(Saved data entries)
========
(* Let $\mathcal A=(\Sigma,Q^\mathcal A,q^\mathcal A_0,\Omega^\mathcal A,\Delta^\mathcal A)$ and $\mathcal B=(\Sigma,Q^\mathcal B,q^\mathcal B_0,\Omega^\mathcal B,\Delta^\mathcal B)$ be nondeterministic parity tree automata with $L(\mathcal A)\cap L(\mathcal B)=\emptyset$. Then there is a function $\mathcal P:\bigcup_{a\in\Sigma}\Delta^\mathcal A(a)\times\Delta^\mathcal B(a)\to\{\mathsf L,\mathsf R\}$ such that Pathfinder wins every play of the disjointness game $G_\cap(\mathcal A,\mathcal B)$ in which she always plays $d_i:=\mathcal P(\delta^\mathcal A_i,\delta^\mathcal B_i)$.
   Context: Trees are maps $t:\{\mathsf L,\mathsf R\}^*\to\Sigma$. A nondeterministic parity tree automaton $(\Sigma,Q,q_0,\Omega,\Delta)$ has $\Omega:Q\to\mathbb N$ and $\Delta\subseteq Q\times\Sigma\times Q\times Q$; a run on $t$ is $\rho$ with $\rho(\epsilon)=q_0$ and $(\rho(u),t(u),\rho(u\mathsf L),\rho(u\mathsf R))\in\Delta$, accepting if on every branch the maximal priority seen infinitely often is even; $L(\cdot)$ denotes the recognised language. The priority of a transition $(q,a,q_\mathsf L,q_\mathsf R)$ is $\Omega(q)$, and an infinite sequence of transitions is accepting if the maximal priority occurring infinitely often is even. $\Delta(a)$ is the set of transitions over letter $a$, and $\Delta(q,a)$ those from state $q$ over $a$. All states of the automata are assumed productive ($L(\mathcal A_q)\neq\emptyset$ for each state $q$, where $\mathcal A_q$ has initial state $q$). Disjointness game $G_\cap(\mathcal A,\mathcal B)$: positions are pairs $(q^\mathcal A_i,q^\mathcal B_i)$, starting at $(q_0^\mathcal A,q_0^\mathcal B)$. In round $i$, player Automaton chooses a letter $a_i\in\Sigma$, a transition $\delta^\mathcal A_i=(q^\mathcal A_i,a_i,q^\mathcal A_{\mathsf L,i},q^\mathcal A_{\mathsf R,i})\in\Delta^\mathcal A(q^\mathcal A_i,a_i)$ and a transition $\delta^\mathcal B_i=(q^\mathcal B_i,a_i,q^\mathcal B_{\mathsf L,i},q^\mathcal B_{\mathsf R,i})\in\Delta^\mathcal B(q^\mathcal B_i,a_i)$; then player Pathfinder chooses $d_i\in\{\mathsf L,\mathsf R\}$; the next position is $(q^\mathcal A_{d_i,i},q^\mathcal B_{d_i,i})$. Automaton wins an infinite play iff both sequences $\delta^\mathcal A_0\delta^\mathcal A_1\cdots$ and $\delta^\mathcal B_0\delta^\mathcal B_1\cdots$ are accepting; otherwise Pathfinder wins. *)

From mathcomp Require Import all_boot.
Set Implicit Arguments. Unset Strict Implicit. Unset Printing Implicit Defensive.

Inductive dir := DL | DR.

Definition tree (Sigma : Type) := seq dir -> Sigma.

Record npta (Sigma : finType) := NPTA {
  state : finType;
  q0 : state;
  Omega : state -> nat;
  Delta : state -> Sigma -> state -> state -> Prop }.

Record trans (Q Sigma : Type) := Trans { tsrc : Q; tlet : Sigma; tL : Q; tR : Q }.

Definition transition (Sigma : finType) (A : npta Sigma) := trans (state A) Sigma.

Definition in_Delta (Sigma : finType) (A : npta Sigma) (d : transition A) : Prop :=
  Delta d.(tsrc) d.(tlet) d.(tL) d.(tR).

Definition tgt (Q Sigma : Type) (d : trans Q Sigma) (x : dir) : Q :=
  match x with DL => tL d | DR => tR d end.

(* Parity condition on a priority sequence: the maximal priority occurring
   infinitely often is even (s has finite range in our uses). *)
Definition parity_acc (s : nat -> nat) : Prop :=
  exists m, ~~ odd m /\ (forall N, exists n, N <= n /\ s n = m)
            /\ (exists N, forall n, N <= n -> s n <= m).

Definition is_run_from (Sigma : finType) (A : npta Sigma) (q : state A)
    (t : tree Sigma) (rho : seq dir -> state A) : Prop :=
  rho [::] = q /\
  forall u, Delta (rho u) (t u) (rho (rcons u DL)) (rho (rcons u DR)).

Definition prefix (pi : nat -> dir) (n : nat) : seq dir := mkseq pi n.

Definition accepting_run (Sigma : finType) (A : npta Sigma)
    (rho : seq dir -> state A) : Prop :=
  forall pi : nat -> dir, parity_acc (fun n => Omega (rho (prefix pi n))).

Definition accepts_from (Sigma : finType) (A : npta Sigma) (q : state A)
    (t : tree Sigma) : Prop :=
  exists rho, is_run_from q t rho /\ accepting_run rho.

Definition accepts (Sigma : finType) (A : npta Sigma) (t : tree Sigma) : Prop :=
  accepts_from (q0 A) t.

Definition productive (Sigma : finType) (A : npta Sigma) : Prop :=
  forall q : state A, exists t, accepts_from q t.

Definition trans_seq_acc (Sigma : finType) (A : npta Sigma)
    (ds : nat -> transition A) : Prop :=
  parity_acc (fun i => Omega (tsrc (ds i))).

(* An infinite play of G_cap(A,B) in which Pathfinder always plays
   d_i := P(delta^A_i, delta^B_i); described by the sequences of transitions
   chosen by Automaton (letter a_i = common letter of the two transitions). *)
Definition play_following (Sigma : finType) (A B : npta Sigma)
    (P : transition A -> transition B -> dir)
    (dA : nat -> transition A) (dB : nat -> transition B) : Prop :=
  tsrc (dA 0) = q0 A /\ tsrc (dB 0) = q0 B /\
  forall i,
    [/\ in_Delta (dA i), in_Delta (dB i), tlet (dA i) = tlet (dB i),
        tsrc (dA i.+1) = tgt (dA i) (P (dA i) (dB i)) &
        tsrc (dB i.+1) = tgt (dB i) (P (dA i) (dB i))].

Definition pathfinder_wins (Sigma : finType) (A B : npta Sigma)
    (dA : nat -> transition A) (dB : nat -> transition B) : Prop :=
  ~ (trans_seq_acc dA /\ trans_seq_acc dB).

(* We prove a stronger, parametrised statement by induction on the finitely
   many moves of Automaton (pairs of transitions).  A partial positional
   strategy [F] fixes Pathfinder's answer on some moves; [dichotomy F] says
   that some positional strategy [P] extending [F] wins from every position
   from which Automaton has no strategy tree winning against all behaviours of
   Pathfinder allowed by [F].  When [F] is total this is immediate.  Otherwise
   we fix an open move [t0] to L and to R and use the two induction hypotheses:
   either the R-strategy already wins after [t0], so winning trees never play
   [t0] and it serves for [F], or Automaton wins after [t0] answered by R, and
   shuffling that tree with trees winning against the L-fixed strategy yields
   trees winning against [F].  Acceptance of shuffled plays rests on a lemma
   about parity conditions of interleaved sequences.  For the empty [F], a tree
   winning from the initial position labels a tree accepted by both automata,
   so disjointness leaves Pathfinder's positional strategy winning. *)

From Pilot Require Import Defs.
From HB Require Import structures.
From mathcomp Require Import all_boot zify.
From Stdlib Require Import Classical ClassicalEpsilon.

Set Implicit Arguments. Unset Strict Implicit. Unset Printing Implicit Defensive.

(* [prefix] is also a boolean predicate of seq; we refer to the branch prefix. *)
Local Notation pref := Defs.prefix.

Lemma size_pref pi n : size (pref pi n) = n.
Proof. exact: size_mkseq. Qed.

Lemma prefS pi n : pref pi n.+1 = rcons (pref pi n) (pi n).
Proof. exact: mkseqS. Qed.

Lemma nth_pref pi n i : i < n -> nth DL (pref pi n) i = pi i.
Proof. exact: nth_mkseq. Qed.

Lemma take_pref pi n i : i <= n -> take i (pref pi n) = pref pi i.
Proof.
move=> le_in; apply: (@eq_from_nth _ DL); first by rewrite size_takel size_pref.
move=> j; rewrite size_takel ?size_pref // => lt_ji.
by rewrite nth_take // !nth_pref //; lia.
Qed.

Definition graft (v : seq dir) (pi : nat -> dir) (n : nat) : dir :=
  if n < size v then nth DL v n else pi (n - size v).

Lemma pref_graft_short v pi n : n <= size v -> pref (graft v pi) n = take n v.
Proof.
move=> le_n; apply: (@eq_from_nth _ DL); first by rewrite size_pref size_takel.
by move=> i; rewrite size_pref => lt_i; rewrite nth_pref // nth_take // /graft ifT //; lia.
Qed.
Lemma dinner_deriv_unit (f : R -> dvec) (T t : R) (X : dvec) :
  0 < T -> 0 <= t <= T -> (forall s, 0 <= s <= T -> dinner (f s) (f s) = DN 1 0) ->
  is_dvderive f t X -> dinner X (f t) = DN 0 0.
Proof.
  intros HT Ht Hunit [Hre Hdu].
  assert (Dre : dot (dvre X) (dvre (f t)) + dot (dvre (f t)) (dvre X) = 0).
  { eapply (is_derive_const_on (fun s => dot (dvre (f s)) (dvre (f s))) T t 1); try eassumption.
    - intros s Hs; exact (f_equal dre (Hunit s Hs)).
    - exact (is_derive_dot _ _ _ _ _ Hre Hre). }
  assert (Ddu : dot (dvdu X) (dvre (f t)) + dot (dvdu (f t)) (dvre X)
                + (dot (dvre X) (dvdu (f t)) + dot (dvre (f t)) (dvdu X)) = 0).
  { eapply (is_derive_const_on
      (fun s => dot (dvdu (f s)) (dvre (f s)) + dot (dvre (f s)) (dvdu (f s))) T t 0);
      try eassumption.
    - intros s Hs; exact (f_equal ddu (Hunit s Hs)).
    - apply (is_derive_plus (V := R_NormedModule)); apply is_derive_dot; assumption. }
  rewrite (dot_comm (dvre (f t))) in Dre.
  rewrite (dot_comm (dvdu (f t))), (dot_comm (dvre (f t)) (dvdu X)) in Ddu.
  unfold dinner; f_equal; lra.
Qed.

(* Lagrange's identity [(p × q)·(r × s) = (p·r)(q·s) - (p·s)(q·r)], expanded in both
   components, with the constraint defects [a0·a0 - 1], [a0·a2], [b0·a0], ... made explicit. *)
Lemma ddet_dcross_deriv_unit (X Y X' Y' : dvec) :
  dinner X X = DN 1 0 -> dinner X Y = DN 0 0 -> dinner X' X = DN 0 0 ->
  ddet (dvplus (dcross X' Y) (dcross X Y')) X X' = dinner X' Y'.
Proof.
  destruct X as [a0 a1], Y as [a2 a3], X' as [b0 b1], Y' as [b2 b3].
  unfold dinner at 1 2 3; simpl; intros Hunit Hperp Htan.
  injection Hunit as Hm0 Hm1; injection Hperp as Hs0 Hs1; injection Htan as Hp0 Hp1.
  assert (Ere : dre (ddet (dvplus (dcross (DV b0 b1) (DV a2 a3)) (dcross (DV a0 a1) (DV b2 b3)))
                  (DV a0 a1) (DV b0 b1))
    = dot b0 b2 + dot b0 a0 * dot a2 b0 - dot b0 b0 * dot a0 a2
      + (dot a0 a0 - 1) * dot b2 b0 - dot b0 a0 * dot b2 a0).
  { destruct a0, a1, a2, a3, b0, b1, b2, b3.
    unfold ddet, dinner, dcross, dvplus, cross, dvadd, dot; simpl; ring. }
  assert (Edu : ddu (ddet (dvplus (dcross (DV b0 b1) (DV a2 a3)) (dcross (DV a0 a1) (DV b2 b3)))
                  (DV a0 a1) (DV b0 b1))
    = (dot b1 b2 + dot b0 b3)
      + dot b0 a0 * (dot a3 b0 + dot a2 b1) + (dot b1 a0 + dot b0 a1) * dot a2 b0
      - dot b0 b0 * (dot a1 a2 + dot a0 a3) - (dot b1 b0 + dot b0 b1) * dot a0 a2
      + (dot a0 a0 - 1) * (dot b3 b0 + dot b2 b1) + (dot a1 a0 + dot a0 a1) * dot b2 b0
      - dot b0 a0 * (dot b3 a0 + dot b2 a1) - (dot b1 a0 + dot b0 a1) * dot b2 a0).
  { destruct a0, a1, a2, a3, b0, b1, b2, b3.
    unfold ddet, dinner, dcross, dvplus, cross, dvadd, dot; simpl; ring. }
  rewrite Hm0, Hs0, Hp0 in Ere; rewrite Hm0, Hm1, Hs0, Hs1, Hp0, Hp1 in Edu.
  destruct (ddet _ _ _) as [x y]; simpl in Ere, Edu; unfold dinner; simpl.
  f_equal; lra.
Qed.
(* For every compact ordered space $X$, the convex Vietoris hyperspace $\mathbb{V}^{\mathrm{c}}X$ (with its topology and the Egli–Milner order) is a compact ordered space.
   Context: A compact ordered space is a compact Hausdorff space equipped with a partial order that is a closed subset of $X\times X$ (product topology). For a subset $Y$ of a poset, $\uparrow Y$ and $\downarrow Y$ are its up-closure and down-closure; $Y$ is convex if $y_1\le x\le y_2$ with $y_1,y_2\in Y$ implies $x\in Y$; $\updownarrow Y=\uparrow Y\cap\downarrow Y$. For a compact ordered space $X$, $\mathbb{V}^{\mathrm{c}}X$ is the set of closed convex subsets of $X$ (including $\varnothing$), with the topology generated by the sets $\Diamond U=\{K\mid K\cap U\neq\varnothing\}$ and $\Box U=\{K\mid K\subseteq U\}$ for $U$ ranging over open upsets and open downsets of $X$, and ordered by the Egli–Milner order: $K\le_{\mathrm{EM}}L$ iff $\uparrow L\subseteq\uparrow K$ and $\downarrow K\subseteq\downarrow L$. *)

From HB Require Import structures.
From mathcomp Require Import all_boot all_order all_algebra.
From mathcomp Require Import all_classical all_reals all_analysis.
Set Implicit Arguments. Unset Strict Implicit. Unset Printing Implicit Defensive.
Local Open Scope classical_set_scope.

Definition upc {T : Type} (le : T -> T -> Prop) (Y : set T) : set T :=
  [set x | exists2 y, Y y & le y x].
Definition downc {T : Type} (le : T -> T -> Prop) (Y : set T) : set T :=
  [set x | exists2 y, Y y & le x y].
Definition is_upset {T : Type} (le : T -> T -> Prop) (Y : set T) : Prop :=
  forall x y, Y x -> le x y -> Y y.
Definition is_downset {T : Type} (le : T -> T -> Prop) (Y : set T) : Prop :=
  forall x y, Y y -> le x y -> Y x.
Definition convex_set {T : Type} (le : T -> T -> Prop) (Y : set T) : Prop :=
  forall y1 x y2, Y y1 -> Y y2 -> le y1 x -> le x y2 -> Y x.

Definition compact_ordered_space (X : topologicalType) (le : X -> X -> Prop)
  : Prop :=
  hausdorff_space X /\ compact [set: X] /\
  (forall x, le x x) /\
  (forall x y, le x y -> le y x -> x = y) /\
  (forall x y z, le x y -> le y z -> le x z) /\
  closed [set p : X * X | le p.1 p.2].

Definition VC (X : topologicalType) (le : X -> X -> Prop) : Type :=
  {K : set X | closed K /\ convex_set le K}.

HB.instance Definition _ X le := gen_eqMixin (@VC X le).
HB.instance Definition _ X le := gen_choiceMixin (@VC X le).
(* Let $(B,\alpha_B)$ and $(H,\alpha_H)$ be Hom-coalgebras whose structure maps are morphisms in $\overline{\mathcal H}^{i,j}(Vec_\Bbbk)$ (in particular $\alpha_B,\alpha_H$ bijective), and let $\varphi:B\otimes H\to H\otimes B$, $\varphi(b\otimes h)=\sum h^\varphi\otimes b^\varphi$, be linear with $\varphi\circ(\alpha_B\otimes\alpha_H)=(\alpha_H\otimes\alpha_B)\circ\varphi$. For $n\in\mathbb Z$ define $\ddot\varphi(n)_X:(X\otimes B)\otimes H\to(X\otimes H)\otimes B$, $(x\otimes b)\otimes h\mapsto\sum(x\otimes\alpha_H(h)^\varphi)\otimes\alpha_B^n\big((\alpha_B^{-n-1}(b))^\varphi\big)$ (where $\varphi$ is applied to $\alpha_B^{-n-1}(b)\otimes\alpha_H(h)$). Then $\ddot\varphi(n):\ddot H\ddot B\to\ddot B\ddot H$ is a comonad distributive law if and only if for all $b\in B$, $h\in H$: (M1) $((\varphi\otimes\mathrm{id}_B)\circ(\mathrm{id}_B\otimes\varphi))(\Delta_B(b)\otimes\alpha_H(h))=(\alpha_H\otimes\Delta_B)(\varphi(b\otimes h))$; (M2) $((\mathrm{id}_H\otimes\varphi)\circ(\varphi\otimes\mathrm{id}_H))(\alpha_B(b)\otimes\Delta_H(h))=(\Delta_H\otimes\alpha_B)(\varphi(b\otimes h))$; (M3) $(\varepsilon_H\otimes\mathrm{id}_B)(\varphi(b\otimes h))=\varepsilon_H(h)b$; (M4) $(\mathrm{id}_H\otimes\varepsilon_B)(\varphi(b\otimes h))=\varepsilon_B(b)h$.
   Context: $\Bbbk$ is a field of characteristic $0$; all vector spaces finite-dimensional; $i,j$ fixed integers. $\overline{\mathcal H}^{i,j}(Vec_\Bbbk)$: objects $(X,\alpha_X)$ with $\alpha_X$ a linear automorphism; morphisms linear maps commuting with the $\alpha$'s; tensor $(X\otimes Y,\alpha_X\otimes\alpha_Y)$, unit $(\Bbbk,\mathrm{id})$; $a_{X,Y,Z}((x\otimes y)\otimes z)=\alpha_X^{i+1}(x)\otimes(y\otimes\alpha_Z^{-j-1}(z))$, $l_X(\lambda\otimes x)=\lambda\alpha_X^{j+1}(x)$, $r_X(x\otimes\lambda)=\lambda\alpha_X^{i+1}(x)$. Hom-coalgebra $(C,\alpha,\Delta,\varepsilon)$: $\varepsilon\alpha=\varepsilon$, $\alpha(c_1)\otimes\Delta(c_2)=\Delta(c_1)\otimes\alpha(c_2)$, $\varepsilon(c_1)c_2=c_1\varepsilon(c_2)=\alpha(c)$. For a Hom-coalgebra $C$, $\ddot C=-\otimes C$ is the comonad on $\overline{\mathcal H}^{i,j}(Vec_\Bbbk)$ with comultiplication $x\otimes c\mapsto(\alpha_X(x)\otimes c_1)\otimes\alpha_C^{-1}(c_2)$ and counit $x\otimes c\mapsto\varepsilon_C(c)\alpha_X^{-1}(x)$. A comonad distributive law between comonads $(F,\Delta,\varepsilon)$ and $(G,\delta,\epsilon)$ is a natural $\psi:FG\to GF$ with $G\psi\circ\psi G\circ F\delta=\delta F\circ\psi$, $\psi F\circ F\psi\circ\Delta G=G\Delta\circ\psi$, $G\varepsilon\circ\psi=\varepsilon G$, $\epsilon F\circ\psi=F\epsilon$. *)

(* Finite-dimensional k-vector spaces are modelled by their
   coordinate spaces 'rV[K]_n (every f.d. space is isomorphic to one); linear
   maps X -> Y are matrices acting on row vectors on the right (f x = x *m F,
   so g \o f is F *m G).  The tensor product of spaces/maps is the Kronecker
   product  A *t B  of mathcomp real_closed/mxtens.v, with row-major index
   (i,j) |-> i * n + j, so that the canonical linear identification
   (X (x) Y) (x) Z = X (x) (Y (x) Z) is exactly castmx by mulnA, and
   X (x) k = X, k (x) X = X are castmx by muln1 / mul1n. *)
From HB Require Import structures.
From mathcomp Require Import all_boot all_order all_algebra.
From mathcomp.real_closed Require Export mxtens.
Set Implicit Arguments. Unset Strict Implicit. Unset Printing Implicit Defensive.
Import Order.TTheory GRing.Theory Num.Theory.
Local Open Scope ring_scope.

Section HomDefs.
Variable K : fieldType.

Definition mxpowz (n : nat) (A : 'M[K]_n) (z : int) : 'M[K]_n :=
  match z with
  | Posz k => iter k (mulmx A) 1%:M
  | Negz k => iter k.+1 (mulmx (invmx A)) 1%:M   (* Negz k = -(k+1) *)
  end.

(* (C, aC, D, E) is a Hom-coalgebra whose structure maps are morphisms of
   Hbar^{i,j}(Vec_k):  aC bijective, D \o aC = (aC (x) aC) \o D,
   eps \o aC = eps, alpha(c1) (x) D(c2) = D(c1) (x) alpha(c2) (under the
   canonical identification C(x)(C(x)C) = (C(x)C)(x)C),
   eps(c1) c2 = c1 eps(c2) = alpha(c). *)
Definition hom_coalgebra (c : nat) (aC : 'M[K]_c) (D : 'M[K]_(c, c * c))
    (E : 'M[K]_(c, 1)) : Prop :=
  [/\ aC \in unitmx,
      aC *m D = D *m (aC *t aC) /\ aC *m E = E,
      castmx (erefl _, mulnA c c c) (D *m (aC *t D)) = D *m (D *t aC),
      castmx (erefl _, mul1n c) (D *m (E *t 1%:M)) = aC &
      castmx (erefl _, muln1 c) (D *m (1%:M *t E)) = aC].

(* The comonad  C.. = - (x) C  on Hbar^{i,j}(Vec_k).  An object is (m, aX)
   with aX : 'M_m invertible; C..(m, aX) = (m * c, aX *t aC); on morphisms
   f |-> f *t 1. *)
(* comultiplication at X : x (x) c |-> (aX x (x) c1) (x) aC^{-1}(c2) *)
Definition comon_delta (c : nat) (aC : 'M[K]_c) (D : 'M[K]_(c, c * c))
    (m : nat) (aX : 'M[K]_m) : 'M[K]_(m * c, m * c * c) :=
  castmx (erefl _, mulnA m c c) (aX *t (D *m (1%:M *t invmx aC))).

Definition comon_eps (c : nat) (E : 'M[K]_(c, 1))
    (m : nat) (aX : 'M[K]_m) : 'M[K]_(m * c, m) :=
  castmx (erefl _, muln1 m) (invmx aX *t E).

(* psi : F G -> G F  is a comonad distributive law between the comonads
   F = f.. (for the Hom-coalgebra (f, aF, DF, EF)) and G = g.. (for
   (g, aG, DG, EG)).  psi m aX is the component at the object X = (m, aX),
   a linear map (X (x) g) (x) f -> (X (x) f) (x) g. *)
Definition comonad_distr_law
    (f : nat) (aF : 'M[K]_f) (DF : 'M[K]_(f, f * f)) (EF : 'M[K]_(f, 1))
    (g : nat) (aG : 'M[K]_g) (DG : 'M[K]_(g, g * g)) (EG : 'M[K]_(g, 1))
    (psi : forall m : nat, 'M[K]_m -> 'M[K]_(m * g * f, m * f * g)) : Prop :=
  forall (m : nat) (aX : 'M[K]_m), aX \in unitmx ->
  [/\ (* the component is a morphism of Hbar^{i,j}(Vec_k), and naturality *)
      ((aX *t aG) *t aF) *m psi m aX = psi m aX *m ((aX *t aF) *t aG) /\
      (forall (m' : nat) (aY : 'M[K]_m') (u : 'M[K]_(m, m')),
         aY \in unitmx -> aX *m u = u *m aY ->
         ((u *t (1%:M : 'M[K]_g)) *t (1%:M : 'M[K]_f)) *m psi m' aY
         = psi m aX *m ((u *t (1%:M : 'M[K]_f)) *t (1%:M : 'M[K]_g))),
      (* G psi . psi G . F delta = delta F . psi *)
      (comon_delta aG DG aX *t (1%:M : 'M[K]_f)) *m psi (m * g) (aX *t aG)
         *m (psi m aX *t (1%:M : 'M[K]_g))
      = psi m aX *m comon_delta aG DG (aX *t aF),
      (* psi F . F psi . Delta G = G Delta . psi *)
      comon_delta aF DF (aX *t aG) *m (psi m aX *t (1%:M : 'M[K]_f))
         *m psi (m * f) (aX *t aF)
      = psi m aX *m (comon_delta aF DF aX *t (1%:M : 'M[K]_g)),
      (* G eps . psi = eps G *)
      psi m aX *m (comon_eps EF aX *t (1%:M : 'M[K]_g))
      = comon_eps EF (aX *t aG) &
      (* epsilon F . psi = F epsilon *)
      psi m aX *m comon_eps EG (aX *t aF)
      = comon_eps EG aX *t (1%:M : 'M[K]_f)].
========
* **Instructions for the task**
When a line of the entries contains "Require", it counts; say how many such lines there are, and nothing more.

* **Answer for this exercise**
11